Task
Some of the lines below need repeating. Reproduce exactly those between the lines holding "Num.sqrt (\sum_(i < n) \sum_(j <" and "(\prod_l x l", inclusive.

Data supplied
(* Let $\sigma$ be a 2-structure and $X\subsetneq V(\sigma)$ with $\sigma[X]$ prime; write $\overline{X}=V(\sigma)\setminus X$ and $\Gamma=\Gamma_{(\sigma,\overline{X})}$. Suppose Statement (S3) holds (there is no $Y\subseteq\overline{X}$ with $|Y|=3$ and $\sigma[X\cup Y]$ prime). Let $B_q\in q_{(\sigma,\overline{X})}$. For each $v\in\overline{X}\setminus B_q$, the sets $N^+_v=\{x\in B_q:\{x,v\}\in E(\Gamma)\}$ and $N^-_v=\{x\in B_q:\{x,v\}\notin E(\Gamma)\}$ are modules of $\sigma[B_q]$. Moreover, if $N^+_v\neq\emptyset$ and $N^-_v\neq\emptyset$, then: (1) if $B_q=\langle X\rangle^{(e,f)}_\sigma$ with $e,f\in E(\sigma)$, then $(z,x)\in e$ and $(x,z)\in f$ for all $z\in N^-_v$, $x\in N^+_v$; (2) if $B_q=X^{(e,f)}_\sigma(\alpha)$ with $\alpha\in X$ and $e,f\in E(\sigma)$, then $(z,x)\in f$ and $(x,z)\in e$ for all $z\in N^-_v$, $x\in N^+_v$.
   Context: A 2-structure $\sigma$ consists of a vertex set $V(\sigma)$ and an equivalence relation $\equiv_\sigma$ on ordered pairs of distinct vertices; $E(\sigma)$ is its set of classes; $\sigma[W]$ is the induced 2-structure on $W$. A module is a set $M$ such that for all $x,y\in M$ and $v\notin M$, $(x,v)\equiv_\sigma(y,v)$ and $(v,x)\equiv_\sigma(v,y)$; $\sigma$ is prime if $|V(\sigma)|\geq3$ and its only modules are $\emptyset$, $V(\sigma)$ and singletons. Given $\sigma[X]$ prime: ${\rm Ext}_\sigma(X)=\{v\in\overline{X}:\sigma[X\cup\{v\}]\text{ prime}\}$; $\langle X\rangle_\sigma=\{v\in\overline{X}: X\text{ is a module of }\sigma[X\cup\{v\}]\}$; for $\alpha\in X$, $X_\sigma(\alpha)=\{v\in\overline{X}:\{\alpha,v\}\text{ is a module of }\sigma[X\cup\{v\}]\}$. For $e,f\in E(\sigma)$: $\langle X\rangle^{(e,f)}_\sigma=\{v\in\langle X\rangle_\sigma:(v,\alpha)\in e,(\alpha,v)\in f\}$ for any $\alpha\in X$; $X^{(e,f)}_\sigma(\alpha)=\{v\in X_\sigma(\alpha):(v,\alpha)\in e,(\alpha,v)\in f\}$. $q_{(\sigma,\overline{X})}$ is the partition of $\overline{X}$ formed by the nonempty sets among ${\rm Ext}_\sigma(X)$, $\langle X\rangle^{(e,f)}_\sigma$, $X^{(e,f)}_\sigma(\alpha)$ ($e,f\in E(\sigma)$, $\alpha\in X$). The outside graph $\Gamma_{(\sigma,\overline{X})}$ has vertex set $\overline{X}$ and edges the 2-element sets $Y\subseteq\overline{X}$ with $\sigma[X\cup Y]$ prime. *)

(* A (finite) 2-structure on the vertex set V(sigma) = T
   (a finType) is given by a boolean relation [eqv] on ordered pairs,
   required to be an equivalence relation on pairs of distinct vertices. *)
From mathcomp Require Import all_boot.
Set Implicit Arguments.
Unset Strict Implicit.
Unset Printing Implicit Defensive.

Section TwoStructures.
Variable T : finType.
Variable eqv : rel (T * T).

Definition offdiag (p : T * T) : bool := p.1 != p.2.

Definition is_2structure : Prop :=
  [/\ (forall p, offdiag p -> eqv p p),
      (forall p q, offdiag p -> offdiag q -> eqv p q -> eqv q p) &
      (forall p q r, offdiag p -> offdiag q -> offdiag r ->
           eqv p q -> eqv q r -> eqv p r)].

Definition eclass (p : T * T) : {set T * T} :=
  [set q | offdiag q & eqv p q].

Definition is_class (e : {set T * T}) : Prop :=
  exists2 p, offdiag p & e = eclass p.

Definition module (W M : {set T}) : bool :=
  (M \subset W) &&
  [forall x in M, forall y in M, forall v in W :\: M,
      eqv (x, v) (y, v) && eqv (v, x) (v, y)].

Definition prime2 (W : {set T}) : bool :=
  (2 < #|W|) &&
  [forall M : {set T}, module W M ==>
      [|| M == set0, M == W | #|M| == 1]].

Section Outside.
Variable X : {set T}.

Definition Ext : {set T} := [set v | (v \notin X) && prime2 (v |: X)].

Definition spanX : {set T} := [set v | (v \notin X) && module (v |: X) X].

Definition Xal (a : T) : {set T} :=
  [set v | (v \notin X) && module (v |: X) [set a; v]].

(* <X>^(e,f)_sigma ; alpha ranges over X (the choice of alpha is irrelevant
   for v in <X>_sigma, we require it for every alpha in X) *)
Definition spanXef (e f : {set T * T}) : {set T} :=
  [set v in spanX | [forall a in X, ((v, a) \in e) && ((a, v) \in f)]].

Definition Xalef (a : T) (e f : {set T * T}) : {set T} :=
  [set v in Xal a | ((v, a) \in e) && ((a, v) \in f)].

Definition in_q (B : {set T}) : Prop :=
  B != set0 /\
  (B = Ext \/
   exists e f, [/\ is_class e, is_class f &
     (B = spanXef e f \/ exists2 a, a \in X & B = Xalef a e f)]).

Definition gamma_edge (u w : T) : bool :=
  [&& u \notin X, w \notin X, u != w & prime2 (X :|: [set u; w])].

Definition S3 : Prop :=
  ~ exists Y : {set T},
      [/\ Y \subset ~: X, #|Y| = 3 & prime2 (X :|: Y)].

End Outside.
End TwoStructures.
Definition tensor_dist (R : rcfType) (k n : nat) (A1 A2 : tensor R k n) : R :=
  Num.sqrt (\sum_(i < n) \sum_(j : {ffun 'I_k.-1 -> 'I_n}) (A1 i j - A2 i j) ^+ 2).

Definition mx_dist (R : rcfType) (n m : nat) (B1 B2 : 'M[R]_(n, m)) : R :=
  Num.sqrt (\sum_(i < n) \sum_(j < m) (B1 i j - B2 i j) ^+ 2).

From HB Require Import structures.
From mathcomp Require Import all_boot all_order all_algebra.
From mathcomp Require Import reals.
From mathcomp Require Import ring lra.
Set Implicit Arguments. Unset Strict Implicit. Unset Printing Implicit Defensive.
Import Order.TTheory GRing.Theory Num.Theory.
Local Open Scope ring_scope.

(* The span of [M_0 ... M_j] is also the row space of an explicit matrix
   whose entries are polynomials in the entries of A and B: apply A to all
   (k-1)-tuples of rows of the previous stage.  Hence controllability means
   that some n x n minor of this matrix (for j = n-1) is nonzero.
   (i) Such a minor is continuous in (A, B), so it stays nonzero nearby.
   (ii) Along the segment from (A, B) to the controllable "shift" pair
   (A1, B1), with A1 e_p^(k-1) = e_(p+1) and B1 = e_0, the minor that is
   nonzero at (A1, B1) is a nonzero polynomial in the segment parameter s,
   so it vanishes for finitely many s only and arbitrarily small s work. *)

Section Tapp.
Variables (R : comNzRingType) (k n : nat).
Implicit Types (A : tensor R k n) (v w : 'I_k.-1 -> 'rV[R]_n).

Lemma eq_tapp A v w : (forall l, v l = w l) -> tapp A v = tapp A w.
Proof.
move=> vw; apply/rowP => i; rewrite !mxE; apply: eq_bigr => j _.
by congr (_ * _); apply: eq_bigr => l _; rewrite vw.
Qed.

Lemma tapp_mulmx A p (x : 'I_k.-1 -> 'rV[R]_p) (X : 'M[R]_(p, n)) :
  tapp A (fun l => x l *m X) =
  \sum_(g : {ffun 'I_k.-1 -> 'I_p})
     (\prod_l x l 0 (g l)) *: tapp A (fun l => row (g l) X).
Proof.
apply/rowP => r; rewrite !mxE summxE.
under eq_bigr => j _ do under eq_bigr => l _ do rewrite mxE.
under eq_bigr => j _ do rewrite bigA_distr_bigA big_distrr /=.
rewrite exchange_big; apply: eq_bigr => g _; rewrite !mxE mulr_sumr.
apply: eq_bigr => j _; rewrite big_split /= !mulrA [_ * A r j]mulrC.
by congr (_ * _); apply: eq_bigr => l _; rewrite mxE.
Qed.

Response for this exercise
  Num.sqrt (\sum_(i < n) \sum_(j < m) (B1 i j - B2 i j) ^+ 2).

From HB Require Import structures.
From mathcomp Require Import all_boot all_order all_algebra.
From mathcomp Require Import reals.
From mathcomp Require Import ring lra.
Set Implicit Arguments. Unset Strict Implicit. Unset Printing Implicit Defensive.
Import Order.TTheory GRing.Theory Num.Theory.
Local Open Scope ring_scope.

(* The span of [M_0 ... M_j] is also the row space of an explicit matrix
   whose entries are polynomials in the entries of A and B: apply A to all
   (k-1)-tuples of rows of the previous stage.  Hence controllability means
   that some n x n minor of this matrix (for j = n-1) is nonzero.
   (i) Such a minor is continuous in (A, B), so it stays nonzero nearby.
   (ii) Along the segment from (A, B) to the controllable "shift" pair
   (A1, B1), with A1 e_p^(k-1) = e_(p+1) and B1 = e_0, the minor that is
   nonzero at (A1, B1) is a nonzero polynomial in the segment parameter s,
   so it vanishes for finitely many s only and arbitrarily small s work. *)

Section Tapp.
Variables (R : comNzRingType) (k n : nat).
Implicit Types (A : tensor R k n) (v w : 'I_k.-1 -> 'rV[R]_n).

Lemma eq_tapp A v w : (forall l, v l = w l) -> tapp A v = tapp A w.
Proof.
move=> vw; apply/rowP => i; rewrite !mxE; apply: eq_bigr => j _.
by congr (_ * _); apply: eq_bigr => l _; rewrite vw.
Qed.

Lemma tapp_mulmx A p (x : 'I_k.-1 -> 'rV[R]_p) (X : 'M[R]_(p, n)) :
  tapp A (fun l => x l *m X) =
  \sum_(g : {ffun 'I_k.-1 -> 'I_p})
     (\prod_l x l 0 (g l)) *: tapp A (fun l => row (g l) X).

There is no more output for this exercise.